The band begins at ten to six, When Mr. K. performs his tricks
without a sound , And Mr. H. will demonstrate, Ten somersets he'll
undertake on solid ground
Having been some days in preparation , A splendid time is
guaranteed for all , And tonight Mr. Kite is topping the bill.
Writing on the original poster,
PABLO FANQUE'S CIRCUS ROYAL
Grandest Night of the Season! and positively the LAST NIGHT BUT
THREE! being for the BENEFIT OF
(late of Well's Circus) and Mr. J. Henderson, the celebrated
somerset-thrower! Wire dancer, vaulter, rider, etc. On TUESDAY
Evening, February 14, 1843
Mrs. Kite and Henderson, in announcing the following
Entertainments ensure the Public that this Night's Production will
be one of the most splendid ever produced in this Town, having
been some days in preparation.
Mr. Kite will, for this night only, introduce the celebrated HORSE
ZANTHUS! Well known to be one of the best Broke horses IN THE
Mr. HENDERSON will undertake the arduous Task of THROWING
TWENTY-ONE SOMERSETS, on the solid ground. Mr. KITE will appear,
for the first time this season, On The Tight Rope, When Two
Gentlemen Amateurs of this Town will perform with him. Mr.
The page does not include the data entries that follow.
Lemma path_bound N g : cont_path N g -> exists R0, 0 <= R0 /\ forall s, in01 s -> bounded N R0 (g s).
Proof.
  intros Hg.
  destruct (fin_max N (fun i a => 0 <= a /\ forall s, in01 s -> Rabs (g s i) <= a)) as [R0 HR].
  { intros i a b [Ha H] Hab. split; [lra|]. intros s Hs. specialize (H s Hs). lra. }
  { intros i Hi. destruct (continuity_ab_min (fun s => - Rabs (g (clamp 0 1 s) i)) 0 1) as [x [Hx1 Hx2]]; [lra| |].
    - intros c _. apply cont_pt_eps. intros eps He.
      pose proof (path_cont_pt N g i c Hg Hi eps He) as Hc. destruct Hc as [d [Hd H]]. exists d. split; auto.
      intros x Hx. destruct (Req_dec x c) as [->|Hne].
      + unfold Rminus; rewrite Rplus_opp_r, Rabs_R0; lra.
      + specialize (H x (conj (conj I (not_eq_sym Hne)) Hx)). simpl in H. unfold R_dist in H.
        replace (- Rabs (g (clamp 0 1 x) i) - - Rabs (g (clamp 0 1 c) i))
          with (- (Rabs (g (clamp 0 1 x) i) - Rabs (g (clamp 0 1 c) i))) by ring.
        rewrite Rabs_Ropp. eapply Rle_lt_trans; [apply Rabs_triang_inv2|auto].
    - exists (Rabs (g (clamp 0 1 x) i)). split; [apply Rabs_pos|]. intros s Hs.
      specialize (Hx1 s Hs). rewrite (clamp_id 0 1 s) in Hx1 by auto. lra. }
  exists (Rmax 0 R0). split; [apply Rmax_l|]. intros s Hs i Hi.
  destruct (HR i Hi) as [_ H]. eapply Rle_trans; [apply H; auto|apply Rmax_r].
Qed.

Lemma path_unif_cont N g : cont_path N g -> forall eps, 0 < eps -> exists delta, 0 < delta /\
  forall s s', in01 s -> in01 s' -> Rabs (s - s') <= delta -> forall i, (i < N)%nat -> Rabs (g s i - g s' i) <= eps.
Proof.
  intros Hg eps He.
  destruct (fin_min N (fun i d => forall s s', in01 s -> in01 s' -> Rabs (s - s') <= d -> Rabs (g s i - g s' i) <= eps))
    as [d [Hd H]].
  { intros i a b Ha [Hb Hba] s s' H1 H2 H3. apply Ha; auto; lra. }
  { intros i Hi.
    destruct (Heine (fun s => g (clamp 0 1 s) i) (fun c => 0 <= c <= 1) (compact_P3 0 1))
      with (eps := mkposreal eps He) as [dd Hdd].
    - intros x _. apply (path_cont_pt N); auto.
    - exists (dd / 2). split; [destruct dd; simpl; lra|]. intros s s' Hs Hs' Hss.
      specialize (Hdd s s' Hs Hs'). rewrite !clamp_id in Hdd by auto. left. apply Hdd.
      destruct dd; simpl in *; lra. }
  exists d. split; [auto|]. intros s s' Hs Hs' Hss i Hi. apply H; auto.
Qed.

Lemma in01_grid k M : (k <= M)%nat -> (1 <= M)%nat -> in01 (INR k / INR M).
Proof.
  intros Hk HM. assert (HMr : 0 < INR M) by (apply lt_0_INR; lia).
  assert (INR k <= INR M) by (apply le_INR; auto). pose proof (pos_INR k). unfold in01.
  split; [apply Rmult_le_pos; [lra|left; apply Rinv_0_lt_compat; lra]|].
  apply (Rmult_le_reg_r (INR M)); auto. unfold Rdiv. rewrite Rmult_assoc, Rinv_l by lra. lra.
Qed.

Lemma exists_mesh delta : 0 < delta -> exists M, (1 <= M)%nat /\ 1 / INR M <= delta.
Proof.
  intros Hd. destruct (nat_above (1 / delta)) as [M0 HM0]. exists (S M0). split; [lia|].
  assert (HM : INR M0 < INR (S M0)) by (apply lt_INR; lia).
  assert (0 < INR (S M0)) by (apply lt_0_INR; lia).
  assert (H2 : 1 < delta * INR (S M0)).
  { assert (1 / delta < INR (S M0)) by lra. apply (Rmult_lt_compat_l delta) in H0; auto.
    replace (delta * (1 / delta)) with 1 in H0 by (field; lra). lra. }
  unfold Rdiv; rewrite Rmult_1_l. apply (Rmult_le_reg_r (INR (S M0))); [lra|]. rewrite Rinv_l by lra. lra.
Qed.

(** * Simple connectivity *)

(* A generic perturbation of the origin; roots with [|t| > 5] are excluded by the Cauchy bound. *)
Lemma Qspace_nonempty K d m n : (1 <= m)%nat -> (1 <= n)%nat -> (n <= d)%nat -> (4 <= dK K * m * n)%nat ->
  exists x, Qspace K d m n x.
Proof.
  intros Hm Hn Hnd H4.
  destruct (generic_perturbation K d m n 1 (fun _ _ _ => 0) (fun _ _ => 1) (fun _ p => 5 * (2 * p 2%nat - 1)) 1 1)
    as [w [Hw Hc]]; auto; try lra.
  - intros. apply BL_const.
  - intros. apply BL_const.
  - intros; lra.
  - intros. solve_BL3.
  - exists (perturb K d n w). apply (Qspace_of_bounded K d m n 4); auto.
    + intros i Hi. replace 4 with (4 * 1) by ring. apply perturb_bound. auto.
    + intros t Ht HZ. apply Rabs_le_inv in Ht.
      apply (Hc 0%nat (pt3 0 0 ((t / 5 + 1) / 2))); auto.
      * apply box3_pt3; try lra.
      * simpl. replace (5 * (2 * ((t / 5 + 1) / 2) - 1)) with t by field.
        revert HZ. apply common_root_ext. intros; ring.
Qed.

(* The path runs from [x] to [x + perturb w] and back to [y]: its two edges are the
   triangles over the degenerate edges [x] and [y] with apex [x + perturb w]. *)
Lemma Qspace_path_connected K d m n : (1 <= m)%nat -> (1 <= n)%nat -> (n <= d)%nat -> (4 <= dK K * m * n)%nat ->
  forall x y, Qspace K d m n x -> Qspace K d m n y ->
  exists g, path_in (dK K * d * m) (Qspace K d m n) g /\ eqN (dK K * d * m) (g 0) x /\ eqN (dK K * d * m) (g 1) y.
Proof.
  intros Hm Hn Hnd H4 x y Hx Hy.
  set (N := (dK K * d * m)%nat).
  destruct (bounded_pair N x y) as [R0 [HR0 [Hbx Hby]]].
  set (X := fun l : nat => if Nat.eqb l 0 then x else y).
  destruct (triangle_perturbation K d m n 2 X X x R0 1) as [w [Hw Htri]]; auto; try lra.
  { intros l Hl. unfold X. destruct (Nat.eqb l 0); auto. }
  { intros l a Hl Ha t HZ. apply (no_common_root_of_Qspace K d m n (X l) t); [unfold X; destruct (Nat.eqb l 0); auto|].
    revert HZ. apply common_root_ext. intros; ring. }
  set (v := fun i => x i + perturb K d n w i).
  set (VV := fun l : nat => match l with 0%nat => x | 1%nat => v | _ => y end).
  exists (pwlin 2 VV). split; [split|split].
  - apply cont2_path_back. intros i _. apply cont2_pwlin.
  - intros s Hs. destruct (pwlin_seg_exists 2 s ltac:(lia) Hs) as [k [Hk Hks]].
    apply Qspace_iff. intros t HZ. rewrite (functional_extensionality _ _ (fun i => pwlin_seg 2 VV k s i Hk Hks)) in HZ.
    set (lam := s * INR 2 - INR k) in HZ.
    assert (Hlam : 0 <= lam <= 1) by (unfold lam; lra). clearbody lam.
    destruct k as [|[|]]; [| |lia].
    + refine (Htri 0%nat 0 lam _ _ _ _ t _); [lia|lra|lra|lra|].
      revert HZ. apply common_root_ext. intros i _. unfold VV, v, X. simpl. ring.
    + refine (Htri 1%nat 0 (1 - lam) _ _ _ _ t _); [lia|lra|lra|lra|].
      revert HZ. apply common_root_ext. intros i _. unfold VV, v, X. simpl. ring.
  - intros i _. rewrite pwlin_0 by lia. reflexivity.
  - intros i _. rewrite pwlin_1 by lia. reflexivity.
Qed.

Definition triangle_free K d m n (x0 vp v : nat -> R) : Prop :=
  forall a b, 0 <= a -> 0 <= b -> a + b <= 1 -> forall t,
    ~ common_root K d m n (fun i => x0 i + a * (vp i - x0 i) + b * (v i - x0 i)) t.

Section LoopVertices.
Variables (K : Kfield) (d m n M : nat) (x0 : nat -> R) (gs : nat -> nat -> R) (R0 eta : R).
Hypotheses (Hm : (1 <= m)%nat) (Hn : (1 <= n)%nat) (Hnd : (n <= d)%nat) (H4 : (4 <= dK K * m * n)%nat).
Hypotheses (HR0 : 0 <= R0) (Heta : 0 < eta <= 1).
Hypothesis Hgs : forall k, (k <= M)%nat -> bounded (dK K * d * m) R0 (gs k).
Hypothesis Hgs0 : gs 0%nat = x0.
Hypothesis Hx0 : Qspace K d m n x0.

Definition next_vertex (vp gk : nat -> R) : nat -> R :=
  epsilon (inhabits x0) (fun v => (exists w, (forall e, (e < 4)%nat -> 0 <= w e <= eta) /\
      forall i, v i = gk i + perturb K d n w i) /\ triangle_free K d m n x0 vp v).

Fixpoint loop_vertex (k : nat) : nat -> R :=
  match k with 0%nat => x0 | S k' => next_vertex (loop_vertex k') (gs (S k')) end.

Definition vertex_inv (k : nat) : Prop :=
  bounded (dK K * d * m) (R0 + 4) (loop_vertex k) /\
  (forall i, (i < dK K * d * m)%nat -> Rabs (loop_vertex k i - gs k i) <= 4 * eta) /\
  forall a, 0 <= a <= 1 -> forall t, ~ common_root K d m n (fun i => x0 i + a * (loop_vertex k i - x0 i)) t.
HENDERSON will, for the first time in Rochdale,
introduce his extraordinary TRAMPOLINE LEAPS and SOMERSETS! Over
Men & Horses, through Hoops, over Garters and lastly through a
Hogshead of REAL FIRE! In this branch of the profession Mr. H
challenges THE WORLD!
On January 31, 1967
the Beatles went to Knole Park near Sevenoaks to make the
promotional film for Strawberry Fields Forever. There John went
into an antique shop close to the hotel were they were using in
Sevenoaks. John and an Apple employee wandered into the shop and
spotted the framed Victorian circus poster and bought it.
John was inspired by
the language and the names of the performers on the poster. He
began to compose a song based on the poster. On February 17, 1967
The Benefit Of Mr. Kite was recorded at EMI Studio Two , and
was released on the Sgt. Pepper's Lonely Hearts Club Band album on
June 1, 1967.
Pablo Fanque, Mr. Kite and the Henderson's were never more than
colorful names that inspired John. Records show that 150 years
ago, they were real stars in the circus world. Mr. Kite was
William Kite, son of
proprietor James Kite, and an all-round performer. He is believed
to have worked in Pablo Fanque's Circus from 1843 to 1845.
The Henderson's were
wire-walker, equestrian, tramplinist and clown John Henderson and
his wife Agnes, the daughter of circus owner Henry Hengler. The
Henderson's traveled all over Europe and Russia during the 1840's
and 1850's. The 'somersets' which Mr. Henderson performed on
'solid ground' were somersaults, 'garters' were banners held
between two people and a 'trampoline' in those days was a wooden
springboard rather than stretched canvas.
Pablo Fanque was a
multi-talented performer who became the first black circus
proprietor in Britain. He was
born William Darby in Norwich in 1796, He was orphaned at an
early age, he apprenticed with William Batty, the owner of a
traveling circus. Under Batty's tutelage, he became proficient at
horse riding, rope dancing and acrobatics, and soon joined the
troupe of Andrew Ducrow, who ran one of the most famous circus
troupes of the time.
He rejoined Batty in 1834, and performed at the Royal
Amphitheatre, Liverpool. In 1836 he was described as the 'loftiest
jumper in England'. In 1841 Fanque left Batty's circus to start
his own show with two horses. W.F. Wallet, the famous clown,
joined him and they traveled north, opening at Wakefield where
Fanque had erected a circus. Over the next six years, "by his own
industry and talent, he got together as fine a stud of horses and
ponies as any on England". He married Susannah Marlaw, the
daughter of a button maker, and started a family.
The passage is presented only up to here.